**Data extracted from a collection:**
Definition potential g s : rat :=
  \sum_(l < n.+1 | (2 * r < l)%N) \sum_(tl : l.-1.-tuple bool)
    weight (late_zeros g (true :: tl) s l) (l - s) l.

Definition set_tap g s (x : letter r) i := if i == s then x else g i.

Lemma q_gt0 : 0 < q.
Proof. by rewrite ltr0n expn_gt0. Qed.

Lemma rho_gt0 : 0 < rho.
Proof.
rewrite /rho subr_gt0 (@le_lt_trans _ _ 1) // invf_le1 ?q_gt0 //.
by rewrite ler1n expn_gt0.
Qed.

Lemma sum_pow_eq0 (c : letter r) : \sum_(x : letter r) q ^+ (x + c == 0) = q * rho.
Proof.
rewrite (reindex_inj (addIr c)) /=.
under eq_bigr => x _ do rewrite -addrA letter_addrr addr0.
rewrite (bigD1 0) //= eqxx expr1.
rewrite (eq_bigr (fun _ => 1)) => [|x /negbTE -> //].
rewrite sumr_const cardC1 card_letter /rho mulrBr mulfV ?gt_eqF ?q_gt0 //.
rewrite -natr1 -subn1 natrB ?expn_gt0 //; lra.
Qed.

Lemma weight_ge0 z k l : 0 <= weight z k l.
Proof.
by rewrite /weight !(mulr_ge0, invr_ge0, exprn_ge0) // ltW ?q_gt0 ?rho_gt0.
Qed.

Lemma weightD z b k l : weight (z + b) k l = weight z k l * q ^+ b.
Proof. by rewrite /weight exprD; ring. Qed.

Lemma weightS z k l : weight z k l * (q * rho) = q * weight z k.+1 l.
Proof. by rewrite /weight [rho ^+ k.+1]exprS; ring. Qed.

Lemma eq_late_zeros g g' e s l : (forall i, (i < s)%N -> g i = g' i) ->
  late_zeros g e s l = late_zeros g' e s l.
Proof.
move=> eq_gg'; apply: eq_in_count => t; rewrite mem_iota => /andP[gt_t lt_t].
by rewrite (@eq_conv _ g g') // => i lt_i; apply: eq_gg'; lia.
Qed.

Lemma late_zerosS g e s l : (r <= s)%N -> (s < l)%N ->
  late_zeros g e s.+1 l = (late_zeros g e s l + (conv g e s.+1 == 0%R))%N.
Proof.
move=> le_rs lt_sl; rewrite /late_zeros.
have -> : (minn s.+1 l - r = (minn s l - r) + 1)%N by lia.
rewrite iotaD count_cat /= addn0.
by have -> : (r.+1 + (minn s l - r) = s.+1)%N by lia.
Qed.

Lemma late_zeros_stable g e s l : (l <= s)%N ->
  late_zeros g e s.+1 l = late_zeros g e s l.
Proof. by move=> le_ls; rewrite /late_zeros; congr (count _ (iota _ _)); lia. Qed.

Lemma sum_weight_set_tap g e s l : nth false e 0 -> (r <= s)%N ->
  \sum_(x : letter r) weight (late_zeros (set_tap g s x) e s.+1 l) (l - s.+1) l
  = q * weight (late_zeros g e s l) (l - s) l.
Proof.
move=> e0 le_rs.
have zeros_below x : late_zeros (set_tap g s x) e s l = late_zeros g e s l.
  by apply: eq_late_zeros => i lt_is; rewrite /set_tap ifN //; lia.
have [le_ls|lt_sl] := leqP l s.
  under eq_bigr => x _ do rewrite late_zeros_stable // zeros_below.
  by rewrite sumr_const card_letter mulr_natl; congr (weight _ _ _ *+ _); lia.
have conv_set_tap x : conv (set_tap g s x) e s.+1 = x + conv g (behead e) s.
  rewrite convS e0 /set_tap eqxx; congr (_ + _).
  by apply: eq_conv => i lt_is; rewrite ifN //; lia.
under eq_bigr => x _ do rewrite late_zerosS // zeros_below conv_set_tap weightD.
rewrite -mulr_sumr sum_pow_eq0 weightS; congr (_ * weight _ _ _); lia.
Qed.

Lemma sum_potential_set_tap g s : (r <= s)%N ->
  \sum_(x : letter r) potential (set_tap g s x) s.+1 = q * potential g s.
Proof.
move=> le_rs; rewrite /potential exchange_big mulr_sumr; apply: eq_bigr => l _.
rewrite exchange_big mulr_sumr; apply: eq_bigr => tl _.
exact: sum_weight_set_tap.
Qed.

Lemma exists_set_tap_potential_le g s : (r <= s)%N ->
  exists x, potential (set_tap g s x) s.+1 <= potential g s.
Proof.
move=> le_rs; apply/existsP; apply: contraT => /existsPn gt_pot.
have : q * potential g s < \sum_(x : letter r) potential (set_tap g s x) s.+1.
  rewrite -[in X in X * _]card_letter mulr_natl -sumr_const.
  apply: ltr_sum => [|x _]; last by rewrite ltNge gt_pot.
  by apply/hasP; exists 0; rewrite ?mem_index_enum.
by rewrite sum_potential_set_tap // ltxx.
Qed.

Lemma potential_descent g k : unit_taps g ->
  exists2 g', unit_taps g' & potential g' (r + k) <= potential g r.
Proof.
move=> taps; elim: k => [|k [g' taps' le_pot]]; first by exists g; rewrite ?addn0.
have [x le_x] := exists_set_tap_potential_le g' (leq_addr k r).
exists (set_tap g' (r + k) x); last by rewrite addnS (le_trans le_x).
by move=> i; rewrite /set_tap ifN ?taps' //; have := ltn_ord i; lia.
Qed.

Lemma weight_start_le l : (4 <= r)%N -> (2 * r < l)%N ->
  weight 0 (l - r) l *+ 2 ^ l.-1 <= (rho / 2) ^+ (l - r) / (4 * q).
Proof.
move=> r4 lt_2rl; set k := (l - r)%N; set m := l./2.+1.
have le_exp : (2 + r + l.-1 + k <= r * m)%N.
  by have := odd_double_half l; rewrite /k /m; case: odd => /=; nia.
have le_pow : 2 ^+ k * (2 ^ l.-1)%:R * (4 * q) <= q ^+ m.
  rewrite -!natrX -!natrM ler_nat -expnM (_ : 4 = 2 ^ 2)%N // -!expnD.
  by rewrite leq_exp2l //; lia.
set a := (rho / 2) ^+ k.
have a_ge0 : 0 <= a by rewrite exprn_ge0 // divr_ge0 // ltW ?rho_gt0.
have rhoE : rho ^+ k = 2 ^+ k * a by rewrite -exprMn mulrC divfK.
rewrite /weight expr0 mul1r rhoE.
have -> : 2 ^+ k * a / q ^+ m *+ 2 ^ l.-1
          = a * (2 ^+ k * (2 ^ l.-1)%:R / q ^+ m) by ring.
rewrite ler_wpM2l // ler_pdivrMr ?exprn_gt0 ?q_gt0 //.
by rewrite ler_pdivlMl ?mulr_gt0 ?q_gt0 // mulrC.
Qed.

Lemma potential_lt1 g : (4 <= r)%N -> potential g r < 1.
Proof.
move=> r4.
have no_zeros e l : late_zeros g e r l = 0%N.
  by rewrite /late_zeros; have -> : (minn r l - r = 0)%N by lia.
rewrite /potential.
under eq_bigr => l _ do
  (under eq_bigr => tl _ do rewrite no_zeros; rewrite sumr_const card_tuple card_bool).
apply: (le_lt_trans (ler_sum _ (fun l lt_2rl => weight_start_le r4 lt_2rl))).
rewrite -mulr_suml; set x := rho / 2.
have x_ge0 : 0 <= x by rewrite divr_ge0 // ltW ?rho_gt0.
have x_lt1 : x < 1 by rewrite ltr_pdivrMr // /rho ltrBlDr ltrDl invr_gt0 q_gt0.
have sum_le : \sum_(l < n.+1 | (2 * r < l)%N) x ^+ (l - r) <= 2 * q.
  have x_pow_ge0 i : 0 <= x ^+ i by exact: exprn_ge0.
  apply: le_trans (sum_shift_le _ (leq_pmull r (ltn0Sn 1)) x_pow_ge0) _.
  apply: le_trans (geometric_sum_le _ x_ge0 x_lt1) _.
  have -> : 1 - x = (2 * q)^-1.
    by rewrite /x /rho; field; rewrite gt_eqF ?q_gt0.
  by rewrite invrK.
have q_gt0 := q_gt0.
rewrite ltr_pdivrMr ?mulr_gt0 // mul1r (le_lt_trans sum_le) //; lra.
Qed.

Lemma weight_le_potential g s l (tl : l.-1.-tuple bool) :
  (2 * r < l)%N -> (l <= n)%N ->
  weight (late_zeros g (true :: tl) s l) (l - s) l <= potential g s.
Proof.
move=> lt_2rl le_ln; have lt_ln1 : (l < n.+1)%N by [].
rewrite /potential (bigD1 (Ordinal lt_ln1)) //= (bigD1 tl) //= -addrA lerDl.
by rewrite addr_ge0 ?sumr_ge0 // => *; rewrite ?sumr_ge0 // => *; apply: weight_ge0.
Qed.

Lemma weight_ge1 z l : (l./2 < z)%N -> 1 <= weight z 0 l.
Proof.
move=> lt_z; rewrite /weight expr0 mulr1 ler_pdivlMr ?exprn_gt0 ?q_gt0 // mul1r.
by apply: ler_weXn2l; rewrite ?ler1n ?expn_gt0.
Qed.

Definition few_late_zeros g := forall e,
  (size e <= n)%N -> nth false e 0 -> (2 * r < size e)%N ->
  (count (fun t => conv g e t == 0%R) (iota r.+1 (size e - r)) <= (size e)./2)%N.

Lemma exists_few_late_zeros : (4 <= r)%N ->
  exists2 g, unit_taps g & few_late_zeros g.
Proof.
move=> r4; pose g0 i : letter r := \row_(j < r) (j == i :> nat)%:R.
have taps0 : unit_taps g0 by move=> i; apply/rowP => j; rewrite !mxE.
have [g taps le_pot] := potential_descent n taps0.
exists g => // -[//|b tl] /= le_ln -> lt_2rl; rewrite leqNgt; apply/negP => many.
have := potential_lt1 g0 r4; apply/negP; rewrite -leNgt (le_trans _ le_pot) //.
have := @weight_le_potential g (r + n) (size tl).+1 (in_tuple tl) lt_2rl le_ln.
apply: le_trans.
have -> : ((size tl).+1 - (r + n) = 0)%N by lia.
rewrite weight_ge1 // /late_zeros.
by have -> : (minn (r + n) (size tl).+1 = (size tl).+1)%N by lia.
Qed.

End Potential.

Lemma dist_ok_conv r n (g : nat -> letter r) e :
  unit_taps g -> few_late_zeros n g -> (size e <= n)%N -> nth false e 0 ->
  dist_ok r (size e) (count (fun t => conv g e t != 0) (iota 1 (size e))).
Proof.
move=> taps few le_en e0; set l := size e.
have count_early m : (m <= r)%N -> count (fun t => conv g e t != 0) (iota 1 m) = m.
  move=> le_mr; rewrite (@eq_in_count _ _ predT) ?count_predT ?size_iota // => t.
  by rewrite mem_iota => /andP[? ?]; apply: conv_unit_taps_neq0 => //; lia.
rewrite /dist_ok; case: ifPn => [le_lr|]; first by rewrite count_early.
rewrite -ltnNge => lt_rl.
have -> : iota 1 l = iota 1 r ++ iota r.+1 (l - r).
  by rewrite -iotaD subnKC // ltnW.
rewrite count_cat count_early //.
case: ifPn => [_|]; first exact: leq_addr.
rewrite -ltnNge => lt_2rl; have := few e le_en e0 lt_2rl; rewrite -/l.
have : (count (fun t => conv g e t == 0%R) (iota r.+1 (l - r))
        + count (fun t => conv g e t != 0%R) (iota r.+1 (l - r)) = l - r)%N.
  by rewrite -[RHS](size_iota r.+1) -(count_predC (fun t => conv g e t == 0)).
have := odd_double_half l; lia.
Qed.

**WHAT IS BEING ASKED:** The lines above from the one with "exists2 g, unit_taps g & few_late_zeros g." through the one with "have [g taps" are to be duplicated exactly, ends included, with nothing added.

**ANSWER BELOW:**
  exists2 g, unit_taps g & few_late_zeros g.
Proof.
move=> r4; pose g0 i : letter r := \row_(j < r) (j == i :> nat)%:R.
have taps0 : unit_taps g0 by move=> i; apply/rowP => j; rewrite !mxE.
have [g taps le_pot] := potential_descent n taps0.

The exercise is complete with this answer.